Drug release kinetics for tablet formulation with different level of excipient concentration at ten different timepoints.

Figure 4
figure 4

Regression analysis of training, testing and validating data sets with respect to target data.

The simulated network was used to predict the drug release profiles for the different concentration of drug contents. Also, the change in drug release profile is noted with the different drug concentration of excipients.
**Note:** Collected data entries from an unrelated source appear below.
(* Let $G$ be a finite group and $p$ a fixed prime divisor of $|G|$. Then every self-centralizing non-abelian subgroup of $G$ is a TI-subgroup of $G$ or subnormal in $G$ or has $p'$-order if and only if every non-abelian subgroup of $G$ is a TI-subgroup of $G$ or subnormal in $G$ or has $p'$-order.
   Context: All groups are finite. A subgroup $H$ of a group $G$ is a TI-subgroup of $G$ if for every $g\in G$, $H^g\cap H=1$ or $H^g\cap H=H$. A subgroup $H$ of $G$ is self-centralizing in $G$ if $C_G(H)\leq H$. A subgroup has $p'$-order if its order is not divisible by $p$. *)

From mathcomp Require Import all_boot all_fingroup all_solvable.
Set Implicit Arguments. Unset Strict Implicit. Unset Printing Implicit Defensive.
Local Open Scope group_scope.

Definition TI_subgroup (gT : finGroupType) (H G : {set gT}) : Prop :=
  forall g, g \in G -> (H :^ g :&: H = 1) \/ (H :^ g :&: H = H).

Definition self_centralizing (gT : finGroupType) (H G : {set gT}) : bool :=
  'C_G(H) \subset H.

Definition TI_sn_pprime (gT : finGroupType) (p : nat) (H G : {set gT}) : Prop :=
  TI_subgroup H G \/ H <|<| G \/ ~~ (p %| #|H|).

From mathcomp Require Import all_boot all_fingroup all_solvable.
From mathcomp Require Import zmodp mxrepresentation mxabelem vcharacter.
From mathcomp Require Import zify.
Set Implicit Arguments. Unset Strict Implicit. Unset Printing Implicit Defensive.
Local Open Scope group_scope.

(* Only the forward implication needs proof, by downward induction on |H|.
   Let H be non-abelian, of order divisible by p and not subnormal in G, so
   that every proper overgroup of H is TI or subnormal.  If C_G(H) is not
   contained in H, pick a q-element c in C_G(H) \ H and put L = H<c>, which
   is then TI.  A maximal M among the subgroups of G containing L in which H is
   subnormal is proper, self-normalizing and TI, hence a Frobenius complement, so the
   abelian subgroups of L are cyclic.  If H^g meets H nontrivially, then
   L^g = L; the q'-part of an element of H lies in H^g by coprimality, and its
   q-part lies in H^g because c and c^g generate the same subgroup of the
   cyclic group <x>Z(L).  Hence H^g = H. *)

Section TIFrobenius.

Variable gT : finGroupType.
Implicit Types G H K L M A B E : {group gT}.
Implicit Types x y z c g : gT.

Lemma abelian_fixpoint_free_cyclic s A E :
  s.-abelem E -> E :!=: 1 -> A \subset 'N(E) -> abelian A ->
  {in A^#, forall a, 'C_E[a] = 1} -> cyclic A.
Proof.
move=> abelE ntE nEA cAA regA.
pose normedNT := fun K : {group gT} => (K :!=: 1) && (A \subset 'N(K)).
have [K minK sKE] := @mingroup_exists _ normedNT E (introT andP (conj ntE nEA)).
have /andP[ntK nKA] := mingroupp minK.
have abelK : s.-abelem K := abelemS sKE abelE.
have faithK : 'C_A(K) = 1.
  apply/trivgP/subsetP=> a /setIP[Aa cKa]; apply/set1P/eqP; apply: contraNT ntK.
  move=> nta; rewrite -subG1 -(regA a); last by rewrite !inE nta.
  by rewrite subsetI sKE sub_cent1.
have minnK : minnormal K A by [].
exact: mx_faithful_irr_abelian_cyclic (abelem_mx_faithful abelK ntK nKA faithK)
  (abelem_mx_irrP abelK ntK nKA minnK) cAA.
Qed.

(* By coprime action A normalizes a Sylow subgroup P of the Frobenius kernel,
   and acts fixed-point-freely on the elementary abelian group Omega_1(Z(P)). *)
Lemma Frobenius_compl_abelian_cyclic G M A :
  [Frobenius G with complement M] -> A \subset M -> abelian A -> cyclic A.
Proof.
move=> frobG sAM cAA; have [K frobK] := Frobenius_kernel_exists frobG.
have [defG ntK _ _ _] := Frobenius_context frobK.
have [nsKG sMG _ _ _] := sdprod_context defG.
have nKA : A \subset 'N(K) := subset_trans (subset_trans sAM sMG) (normal_norm nsKG).
have coKA : coprime #|K| #|A| := coprime_dvdr (cardSg sAM) (Frobenius_coprime frobK).
have [P sylP nPA] := sol_coprime_Sylow_exists (pdiv #|K|) (abelian_sol cAA) nKA coKA.
have pP := pHall_pgroup sylP.
have ntP : P :!=: 1.
  by rewrite -cardG_gt1 (card_Hall sylP) p_part_gt1 pi_pdiv cardG_gt1.
have pZ : (pdiv #|K|).-group 'Z(P) := pgroupS (center_sub P) pP.
have chE : 'Ohm_1('Z(P)) \char P := char_trans (Ohm_char 1 _) (center_char P).
apply: (abelian_fixpoint_free_cyclic (Ohm1_abelem pZ (center_abelian P)) _ _ cAA).
- by rewrite Ohm1_eq1 center_nil_eq1 ?(pgroup_nil pP).
- exact: char_norm_trans chE nPA.
move=> a /setD1P[nta Aa]; apply/trivgP.
rewrite -(Frobenius_reg_ker frobK (_ : a \in M^#)); last by rewrite !inE nta (subsetP sAM).
by apply/setSI/(subset_trans (char_sub chE))/(pHall_sub sylP).
Qed.

Lemma TI_conjg_eq G H g :
  TI_subgroup H G -> g \in G -> H :^ g :&: H != 1 -> H :^ g = H.
Proof.
move=> tiH Gg; case: (tiH g Gg) => [-> | eqH _]; first by rewrite eqxx.
have sHHg : H \subset H :^ g by rewrite -{1}eqH subsetIl.
by apply/eqP; rewrite eq_sym eqEcard sHHg cardJg leqnn.
Qed.

Lemma TI_self_normalizing_Frobenius G M :
  M \subset G -> M :!=: G -> M :!=: 1 -> TI_subgroup M G -> 'N_G(M) = M ->
  [Frobenius G with complement M].
Proof.
move=> sMG neMG ntM tiM nMM; apply/andP; split=> //; apply/normedTI_P.
split; first by rewrite setD_eq0 subG1.
  by rewrite normD1 subsetI sMG normG.
move=> g Gg /pred0Pn[y /andP[]]; rewrite conjD1g !inE => /andP[nty My] /andP[_ Mgy].
have ntMgM : M :^ g :&: M != 1 by apply/trivgPn; exists y; rewrite ?inE ?Mgy.
by rewrite -nMM inE Gg; apply/normP/(TI_conjg_eq tiM).
Qed.

Lemma exists_constt_notin H x : x \notin H -> exists q : nat, x.`_q \notin H.
Proof.
move=> Hx; have [allH | ] := boolP [forall q : 'I_#[x].+1, x.`_q \in H].
  case/negP: Hx; rewrite -(prod_constt x) big_mkord.
  by apply: group_prod => q _; apply: (forallP allH q).
by rewrite negb_forall => /existsP[q Hq]; exists q.
Qed.

Lemma mem_mul_cycle_coprime K y z :
  y \in K * <[z]> -> z \in 'C(K) -> coprime #[y] #[z] -> y \in K.
Proof.
case/mulsgP=> k zi Kk zi_z def_y cKz coyz.
have cKzi : zi \in 'C(K) by apply: subsetP zi_z; rewrite cycle_subG.
have Kyz : y ^+ #[z] \in K.
  have czk : commute k zi by apply/commute_sym/(centP cKzi).
  by rewrite def_y expgMn // (expg_cardG zi_z) mulg1 groupX.
have /eqP def_yz : generator <[y]> (y ^+ #[z]) by rewrite generator_coprime.
by rewrite -cycle_subG def_yz cycle_subG.
Qed.

Lemma cyclic_pelt_cycle_total (q : nat) B x y :
  cyclic B -> x \in B -> y \in B -> q.-elt x -> q.-elt y ->
  (<[x]> \subset <[y]>) || (<[y]> \subset <[x]>).
Proof.
move=> cycB Bx By /p_natP[a qa] /p_natP[b qb].
have sxB : <[x]> \subset B by rewrite cycle_subG.
have syB : <[y]> \subset B by rewrite cycle_subG.
rewrite -(cardSg_cyclic cycB sxB syB) -(cardSg_cyclic cycB syB sxB) -!/(order _) qa qb.
by case: (leqP a b) => [lab | /ltnW lba]; apply/orP; [left | right]; apply: dvdn_exp2l.
Qed.

(* The q'-part of an element of H lies in H^g because c^g centralizes H^g and
   L = H^g<c^g>; for the q-part x, the cyclic group <x>Z(L) contains both <c>
   and <c^g>, which therefore coincide. *)
Lemma conj_central_join_eq (q : nat) H c g :
  c \in 'C(H) -> q.-elt c ->
  (forall A, A \subset H <*> <[c]> -> abelian A -> cyclic A) ->
  (H <*> <[c]>) :^ g = H <*> <[c]> -> H :^ g = H.
Proof.
set L := H <*> <[c]> => cHc qc cycL LgL.
have [Hc | nHc] := boolP (c \in H).
  by move: LgL; rewrite /L (joing_idPl _) ?cycle_subG.
have Lc : c \in L := subsetP (joing_subr _ _) c (cycle_id c).
have cLc : c \in 'C(L) by rewrite centY inE cHc cent_cycle cent1id.
have ZLc : c \in 'Z(L) by rewrite inE Lc.
have ZLcg : c ^ g \in 'Z(L) by rewrite inE -{1 2}LgL centJ !memJ_conjg Lc.
have defL : L = H :^ g * <[c ^ g]>.
  rewrite cycleJ -conjsMg -norm_joinEr ?LgL // cycle_subG.
  exact: subsetP (cent_sub H) c cHc.
suff sHHg : H \subset H :^ g by apply/eqP; rewrite eq_sym eqEcard sHHg cardJg leqnn.
apply/subsetP=> x0 Hx0; rewrite -(consttC q x0); apply: groupM.
- set x := x0.`_q.
  have Hx : x \in H by apply: subsetP (cycle_constt q x0); rewrite cycle_subG.
  pose B := (<[x]> <*> 'Z(L))%G.
  have sBL : B \subset L.
    by rewrite join_subG cycle_subG (subsetP (joing_subl _ _)) ?center_sub.
  have cycB : cyclic B.
    apply: (cycL _ sBL); rewrite abelianY cycle_abelian center_abelian centsC.
    have cZL : L \subset 'C('Z(L)) by rewrite centsC subsetIr.
    by rewrite /= cycle_subG (subsetP cZL) // (subsetP (joing_subl _ _)).
  have Bc : c \in B by rewrite mem_gen // inE ZLc orbT.
  have Bcg : c ^ g \in B by rewrite mem_gen // inE ZLcg orbT.
  have Bx : x \in B by rewrite mem_gen // inE cycle_id.
  have eq_ccg : <[c ^ g]> = <[c]>.
    by apply/eqP; rewrite (eq_subG_cyclic cycB) ?cycle_subG // -!/(order _) orderJ.
  have eq_cHg : <[c]> :&: H :^ g = <[c]> :&: H.
    apply/eqP; rewrite (eq_subG_cyclic (cycle_cyclic c)) ?subsetIl //.
    by rewrite /= -{1}eq_ccg cycleJ -conjIg cardJg.
  case/orP: (cyclic_pelt_cycle_total cycB Bx Bc (p_elt_constt q x0) qc) => [sxc | scx].
    by have /setIP[] : x \in <[c]> :&: H :^ g by rewrite eq_cHg inE Hx (subsetP sxc) ?cycle_id.
  by case/negP: nHc; apply: subsetP (cycle_id c); apply: subset_trans scx _; rewrite cycle_subG.
- apply: (@mem_mul_cycle_coprime _ _ (c ^ g)).
  + by rewrite -defL (subsetP (joing_subl _ _)) ?groupX.
  + by rewrite centJ memJ_conjg.
  by rewrite orderJ (p'nat_coprime (p_elt_constt _ _) qc).
Qed.

Lemma self_normalizing_subnormal_overgroup G H L :
  L \subset G -> H <|<| L -> ~~ (H <|<| G) ->
  exists2 M : {group gT}, L \subset M & [/\ M \subset G, H <|<| M, M :!=: G & 'N_G(M) = M].
Proof.
move=> sLG snHL snHG.
pose snOver := fun M : {group gT} => (M \subset G) && (H <|<| M).
have [M maxM sLM] := @maxgroup_exists _ snOver L (introT andP (conj sLG snHL)).
have [/andP[sMG snHM] maxP] := maxgroupP maxM.
exists M => //; split=> //; first by apply: contraNneq snHG => <-.
apply: maxP; last by rewrite subsetI sMG normG.
by rewrite /snOver subsetIl (subnormal_trans snHM) ?normal_subnormal ?normal_subnorm.
Qed.

Lemma TI_of_not_self_centralizing G H :
  H \subset G -> ~~ (H <|<| G) ->
  (forall L, H \proper L -> L \subset G -> TI_subgroup L G \/ L <|<| G) ->
  ~~ self_centralizing H G -> TI_subgroup H G.
Proof.
move=> sHG snHG overTI /subsetPn[c0 /setIP[Gc0 cHc0] Hc0].
have [q Hc] := exists_constt_notin Hc0; set c := c0.`_q in Hc.
have c_c0 : <[c]> \subset <[c0]> by rewrite cycle_subG cycle_constt.
have cHc : c \in 'C(H) by rewrite -cycle_subG (subset_trans c_c0) ?cycle_subG.
set L := (H <*> <[c]>)%G.
have nsHL : H <| L.
  by rewrite /normal joing_subl join_subG normG cycle_subG (subsetP (cent_sub H)).
have Lc : c \in L := subsetP (joing_subr _ _) c (cycle_id c).
have pHL : H \proper L by rewrite properEneq joing_subl andbT; apply: contraNneq Hc => ->.
have sLG : L \subset G by rewrite join_subG sHG (subset_trans c_c0) ?cycle_subG.
have overTI_sn K : H \proper K -> K \subset G -> H <|<| K -> TI_subgroup K G.
  move=> pHK sKG snHK; case: (overTI K pHK sKG) => // snKG.
  by rewrite (subnormal_trans snHK snKG) in snHG.
have snHL := normal_subnormal nsHL.
have tiL := overTI_sn L pHL sLG snHL.
have [M sLM [sMG snHM neMG nMM]] := self_normalizing_subnormal_overgroup sLG snHL snHG.
have tiM := overTI_sn M (proper_sub_trans pHL sLM) sMG snHM.
have ntM : M :!=: 1.
  by apply/trivgPn; exists c; [apply: subsetP sLM c Lc | apply: contraNneq Hc => ->].
have frobM := TI_self_normalizing_Frobenius sMG neMG ntM tiM nMM.
have cycL A : A \subset L -> abelian A -> cyclic A.
  by move=> sAL; apply: Frobenius_compl_abelian_cyclic frobM (subset_trans sAL sLM).
move=> g Gg; have [-> | ntHgH] := eqVneq (H :^ g :&: H) 1; [by left | right].
have ntLgL : L :^ g :&: L != 1.
  by apply: contraNneq ntHgH => LgL1; rewrite -subG1 -LgL1 setISS ?conjSg ?joing_subl.
by rewrite (conj_central_join_eq cHc (p_elt_constt q c0) cycL (TI_conjg_eq tiL Gg ntLgL)) setIid.
Qed.

Lemma TI_sn_pprime_of_self_centralizing G p :
  (forall H, H \subset G -> ~~ abelian H -> self_centralizing H G ->
     TI_sn_pprime p H G) ->
  forall H, H \subset G -> ~~ abelian H -> TI_sn_pprime p H G.
Proof.
move=> scTI H; have [n] := ubnP (#|G| - #|H|); elim: n H => // n IHn H ltGHn sHG nabH.
have [pH | ] := boolP (p %| #|H|); last by right; right.
have [snHG | snHG] := boolP (H <|<| G); first by right; left.
have [scH | nscH] := boolP (self_centralizing H G); first exact: scTI.
left; apply: TI_of_not_self_centralizing sHG snHG _ nscH => L pHL sLG.
have ltGLn : #|G| - #|L| < n by have := proper_card pHL; have := subset_leq_card sLG; lia.
have nabL : ~~ abelian L := contra (abelianS (proper_sub pHL)) nabH.
case: (IHn L ltGLn sLG nabL) => [|[]]; [by left | by right |].
by rewrite (dvdn_trans pH (cardSg (proper_sub pHL))).
Qed.

End TIFrobenius.

Theorem theorem1p7 (gT : finGroupType) (G : {group gT}) (p : nat) :
  prime p -> p %| #|G| ->
  ((forall H : {group gT}, H \subset G -> ~~ abelian H ->
      self_centralizing H G -> TI_sn_pprime p H G)
   <->
   (forall H : {group gT}, H \subset G -> ~~ abelian H ->
      TI_sn_pprime p H G)).
Proof.
move=> _ _; split; first exact: TI_sn_pprime_of_self_centralizing.
by move=> TI_all H sHG nabH _; apply: TI_all.
Qed.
The percentage drug release is then compared with the drug release of reference drug product. It was noted that, the similarity factor f2 is more than 80% for the proposed formulation and, is presented in the Table 2. “The calculation of f2 is found in the supplementary table S2 online.”

Table 2 Optimized formulation with percentage drug release and similarity factor f2.

The steps involved in developing the ANN model is given below:

  • Step 1: Data Collection (Experimental data)

  • Step 2: Data preprocessing

    • Data cleaning (If any value I not available then put zero)

    • Data normalization

  • Step 3: Data Splitting

    • Training (70%)

    • Testing (15%)

    • Validation (15%)

  • Step 4: Design ANN model

    • Select ANN architecture

    • Define Input and Output Layers

    • Choose activation functions (TRANSIG, PURELIN)

  • Step 5: Training the model

    • Forward propagation

    • Compute loss

    • Backward propagation

    • Update weights

    • Iterate until convergence (train the network until regression coefficient becomes close to 1)

  • Step 6: Model validation

    • Validate the model on validation set

    • Tune hyperparameters (number of hidden layers, number of nodes in the hidden layer)

  • Step 7: Model evaluation

    • Evaluate model on test set

    • Analyse performance

  • Step 8: Optimization

    • Optimize release profile parameters

    • Use trained ANN for prediction

    • Simulate and optimize drug release

  • Step 9: Model deployment

Conclusion

We attempted building an ANN model to predict the impact of formulation excipients on drug release profiles. Various mathematical models are available to check drug release similarity of the dosage form. ANNs were used to find the combination of drug product excipients to predict the percentage drug release. The predicted percentage drug release is compared with the reference drug release using similarity factor (f2). Further, the optimal formulation predicted by ANN exhibited the best practice to check influence of drug product excipients on drug release from the tablet. With the recent development, k-nearest neighbor (KNN), Bayesian Algorithm, and Neuro ordinary differential equation can also be applicable in future, as it requires relatively small amount of data and indicates which variables are the most important and the direction that the future experiment should take.